When I went looking for info on this subject I happened on a paper by Walter J Freeman, A Cinematographic Hypothesis of Cortical Dynamics in Perception,
“The aim of this study was to measure and classify spatial patterns in sensory cortical EEGs relating to conditioned stimuli (CSs) in order to test the hypothesis, based on clinical reports, that cortical dynamics is not continuous but operates in steps that resemble frames in a cinema. Recent advances in the application of the Hilbert Transform to intracranial recordings of the EEG in animals have revealed markers for repetitive phase transitions in neo-cortex at frame rates in the theta band…The impact of a CS on a sensory neo-cortex reorganized background EEG into two types of sequential patterns of coordinated activity, initially local and modality-specific, later global. The initial stage of phase transitions required 3-7ms. Large-scale cortical activity then reorganized itself repeatedly and reliably over relatively immense cortical distances within the cycle duration of the center frequency of oscillation. The size, texture, timing and duration of the amplitude modulation patterns support the hypothesis that these frames may provide the basis for multi-sensory percepts.”

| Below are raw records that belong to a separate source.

Lemma coord_sum0 S : coord_sum S 0 = 0.
Proof. by apply: big1 => a _; rewrite coord0. Qed.

Lemma sum_pred_eq S p : \sum_(a | S a) ((a == p)%:R : 'F_2) = (S p)%:R.
Proof.
case Sp: (S p); last by apply: big1 => a Sa; case: eqP => // ap; rewrite -ap Sa in Sp.
by rewrite (bigD1 p) //= eqxx big1 ?addr0 // => a /andP[_ /negbTE ->].
Qed.

Lemma coord_sum_e S p : p != 0 -> coord_sum S (e_ p) = (S p)%:R.
Proof. by move=> p0; rewrite /coord_sum; under eq_bigr do rewrite coord_e //; rewrite sum_pred_eq. Qed.

Lemma coord_sum_hat S p : coord_sum S (hat p) = \sum_(x < m) p x * (S (pi_ x))%:R.
Proof.
rewrite /coord_sum; under eq_bigr do rewrite coord_hat.
by rewrite exchange_big; apply: eq_bigr => x _; rewrite -mulr_sumr sum_pred_eq.
Qed.

Lemma nonzero_coord p : p != 0 -> exists j, p j != 0.
Proof.
move=> p0; case: (pickP (fun j => p j != 0)) => [j|p_eq0]; first by exists j.
by case/eqP: p0; apply/ffunP => j; rewrite ffunE; apply/eqP/negbFE/p_eq0.
Qed.

(* Words of [R_io] take equal values on each pair {a, a + io} inside [S]; splitting
   [S] along a coordinate where [io] is nonzero separates the two members of each pair. *)
Lemma coord_sum_Rset io S c : io != 0 -> (forall a, S (a + io) = S a) -> ~~ S 0 ->
  c \in Rset io -> coord_sum S c = 0.
Proof.
move=> io0 S_io S0 /RsetP[_ Rc]; have [j /F2_neq0 ioj] := nonzero_coord io0.
rewrite /coord_sum (bigID (fun a => a j == 0)) /= [X in _ + X](reindex_inj (addIr io)) /=.
under [X in _ + X]eq_bigl => a do rewrite S_io ffunE ioj F2_addr1_eq0 negbK.
rewrite -big_split big1 // => a /andP[Sa _].
have a0 : a != 0 by apply: contraTneq Sa => ->.
have a_io : a != io by apply: contraTneq Sa => ->; rewrite -[io]add0r S_io.
by rewrite -(Rc a a0 a_io); exact: (addrr_pchar2 pchar2_F2 (coord c a)).
Qed.

End CoordinateSums.

Section TwoDimensionalSpan.
Variable m : nat.
Implicit Types (w : Word m) (t u i k : Fm m) (x y j : 'I_m).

The paper identifies a phase transition that is localized to the primary sensory area with a carrier frequency in the gamma band and recurrence rates in the theta band (gamma packets). The later phase transitions that involve many sensory areas have carrier frequencies in the beta band (beta packets) and recurrence rates in the theta band. The activity is not continuous but in demarcated discontinuous patterns.
Another report that caught my eye was Working Memory Has Limited ‘Slots’ Science Daily
Humans rarely move their eyes smoothly. As our eyes flit from object to object, the visual system briefly shuts off to cut down visual “noise,” said Steven J. Luck, professor of psychology at the UC Davis Center for Mind and Brain. So the brain gets a series of snapshots of about a quarter-second, separated by brief gaps… The working memory system smooths out this jerky sequence of images by retaining memories from each snapshot so that they can be blended together. These memories typically last just a few seconds, Luck said.
If the memory of our consciousness is individual frames then it is not unreasonable that the original consciousness was too. It takes time to create a perceptual model and when it is complete, it is stored. The creation of the next iteration of the model can then start. There is a process that morphs one into the next to give an impression of continuous movement.